A good example of this is CDK’s handling of buildspecs. If you use Buildspec.fromSourceFile instead of the expected Buildspec.fromObjectToYaml, everything typechecks and passes without any linting errors.

The problem only shows up at deploy time, when the generated CloudFormation reveals that the Amplify construct inlines the buildspec as a template string instead of treating it as a proper file reference.

If you were trying to be clever and pass a source file like you do with a CodeBuild project, the filename gets embedded directly as the buildspec reference and the deployment fails.

Skill issue maybe? 😅 Still, a small JSDoc note or README mention would've been nice.

Issue #10: Transient Network Errors?

Some deployments flat out freeze during pnpm install until they time out. If I restart the deployment, it works right after.

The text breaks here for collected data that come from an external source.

(* Let $J$ be a complex structure on a $2$-step nilpotent real Lie algebra $\mathfrak{n}$ with center $\mathfrak{z}$ and commutator ideal $\mathfrak{n}'$. If $\mathfrak{z}_0$ is an ideal of $\mathfrak{n}$ with $\mathfrak{n}'\subset\mathfrak{z}_0\subset\mathfrak{z}$, then $J\mathfrak{z}_0$ is an abelian ideal of $\mathfrak{n}$.
   Context: A complex structure on a real Lie algebra $\mathfrak{g}$ is a linear map $J:\mathfrak{g}\to\mathfrak{g}$ with $J^2=-I$ and $N_J(x,y):=[x,y]+J([Jx,y]+[x,Jy])-[Jx,Jy]=0$ for all $x,y\in\mathfrak{g}$. A Lie algebra $\mathfrak{n}$ is $2$-step nilpotent if it is non-abelian and $\mathfrak{n}'=[\mathfrak{n},\mathfrak{n}]\subset\mathfrak{z}$. *)

From HB Require Import structures.
From mathcomp Require Import all_boot all_order all_algebra.
From mathcomp Require Import reals.
Set Implicit Arguments. Unset Strict Implicit. Unset Printing Implicit Defensive.
Import GRing.Theory.
Local Open Scope ring_scope.

Section LieDefs.
Variables (R : fieldType) (V : lmodType R).

Definition is_lie_bracket (br : V -> V -> V) : Prop :=
  [/\ (forall (a : R) x y z, br (a *: x + y) z = a *: br x z + br y z),
      (forall (a : R) x y z, br z (a *: x + y) = a *: br z x + br z y),
      (forall x, br x x = 0) &
      (forall x y z, br x (br y z) + br y (br z x) + br z (br x y) = 0)].

Definition nijenhuis (br : V -> V -> V) (J : V -> V) (x y : V) : V :=
  br x y + J (br (J x) y + br x (J y)) - br (J x) (J y).

Definition complex_structure (br : V -> V -> V) (J : V -> V) : Prop :=
  (forall x, J (J x) = - x) /\ (forall x y, nijenhuis br J x y = 0).

Definition in_center (br : V -> V -> V) (x : V) : Prop := forall y, br x y = 0.

Definition two_step_nilpotent (br : V -> V -> V) : Prop :=
  (exists x y, br x y != 0) /\ (forall x y, in_center br (br x y)).
End LieDefs.

Section LieSub.
Variables (R : fieldType) (V : vectType R).

Definition lie_ideal (br : V -> V -> V) (I : {vspace V}) : Prop :=
  forall x y, x \in I -> br x y \in I.

Definition lie_abelian (br : V -> V -> V) (I : {vspace V}) : Prop :=
  forall x y, x \in I -> y \in I -> br x y = 0.

Definition derived_sub (br : V -> V -> V) (I : {vspace V}) : Prop :=
  forall x y, br x y \in I.

Definition sub_center (br : V -> V -> V) (I : {vspace V}) : Prop :=
  forall x, x \in I -> in_center br x.
End LieSub.

(* For z central, the Nijenhuis condition N(z, x) = 0 collapses to
   [Jz, Jx] = J [Jz, x].  Writing y = J (J (-y)), every bracket [Jz, y] is
   therefore J of a bracket, which lies in J z0 because n' ⊂ z0; and for z, z'
   in z0 the bracket [Jz, Jz'] = J [Jz, z'] vanishes since z' is central. *)
From HB Require Import structures.
From mathcomp Require Import all_boot all_order all_algebra.
From mathcomp Require Import reals.
Set Implicit Arguments. Unset Strict Implicit. Unset Printing Implicit Defensive.
Import GRing.Theory.
Local Open Scope ring_scope.

Section LieBracket.
Variables (R : fieldType) (V : lmodType R) (br : V -> V -> V).
Hypothesis br_lie : is_lie_bracket br.

Lemma lie_bracket_anti x y : br x y = - br y x.
Proof.
case: br_lie => brDl brDr br_alt _.
have addl u v w : br (u + v) w = br u w + br v w.
  by have := brDl 1 u v w; rewrite !scale1r.
have addr u v w : br w (u + v) = br w u + br w v.
  by have := brDr 1 u v w; rewrite !scale1r.
have /eqP := br_alt (x + y).
by rewrite addl !addr !br_alt add0r addr0 addr_eq0 => /eqP.
Qed.

Lemma in_center_bracketr z x : in_center br z -> br x z = 0.
Proof. by move=> zC; rewrite lie_bracket_anti zC oppr0. Qed.

End LieBracket.

Section NijenhuisCenter.
Variables (R : fieldType) (V : lmodType R) (br : V -> V -> V) (J : V -> V).
Hypothesis JJ : forall x, J (J x) = - x.
Hypothesis nijenhuis0 : forall x y, nijenhuis br J x y = 0.

Lemma nijenhuis_center z x :
  in_center br z -> br (J z) (J x) = J (br (J z) x).
Proof.
move=> zC; have /eqP := nijenhuis0 z x.
by rewrite /nijenhuis !zC add0r addr0 subr_eq0 => /eqP.
Qed.

Lemma bracket_J_center z y :
  in_center br z -> br (J z) y = J (br (J z) (J (- y))).
Proof. by move=> zC; rewrite -nijenhuis_center // JJ opprK. Qed.

End NijenhuisCenter.

Section ImageOfCentralIdeal.
Variables (R : fieldType) (V : vectType R) (br : V -> V -> V) (J : 'End(V)).
Variable z0 : {vspace V}.
Hypotheses (br_lie : is_lie_bracket br) (J_cplx : complex_structure br J).
Hypotheses (z0_derived : derived_sub br z0) (z0_central : sub_center br z0).

Lemma lie_ideal_img_center : lie_ideal br (J @: z0)%VS.
Proof.
case: J_cplx => JJ nijenhuis0 w y /memv_imgP [z /z0_central zC ->].
by rewrite (bracket_J_center JJ nijenhuis0) // memv_img.
Qed.

Lemma lie_abelian_img_center : lie_abelian br (J @: z0)%VS.
Proof.
case: J_cplx => _ nijenhuis0 w w' /memv_imgP [z /z0_central zC ->].
move=> /memv_imgP [z' /z0_central z'C ->].
by rewrite nijenhuis_center // (in_center_bracketr br_lie) // linear0.
Qed.

End ImageOfCentralIdeal.

Theorem mainTheorem3 (R : realType) (V : vectType R) (br : V -> V -> V)
  (J : 'End(V)) (z0 : {vspace V}) :
  is_lie_bracket br ->
  two_step_nilpotent br ->
  complex_structure br J ->
  lie_ideal br z0 ->
  derived_sub br z0 ->
  sub_center br z0 ->
  lie_ideal br (J @: z0)%VS /\ lie_abelian br (J @: z0)%VS.
Proof.
move=> br_lie _ J_cplx _ z0_derived z0_central.
split; [exact: lie_ideal_img_center | exact: lie_abelian_img_center].
Qed.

I don't know the root cause, but it happens about once in like every 9 deployments.

Our average successful deployment takes about 8 minutes and having 30 minutes billed for a bad deployment every now and then is kinda annoying.

Conclusion

The transition from Vercel to Amplify was anything but smooth. Issue after issue, workaround after workaround. But ultimately, our app runs fine in the end.

By no means am I trying to dump on the service or the team behind it. I'm just telling our experience doing this transition.

For what people tout to be an alternative to Vercel, it's still far from it. I just feel bad for first-time users like me who have to go through what we did just to host their app.

Looking back, we jumped the gun too early and should've waited for the official adapter at the end of the year.

Regarding runtime stability, our workloads behave the same as on Vercel. We haven't hit anything unexpected there yet, apart from CloudFront's default limit of 25 behaviors per distribution for top-level files in public/.

Amplify does a decent job documenting what SSR features are and aren't supported, so nothing has come up as a surprise.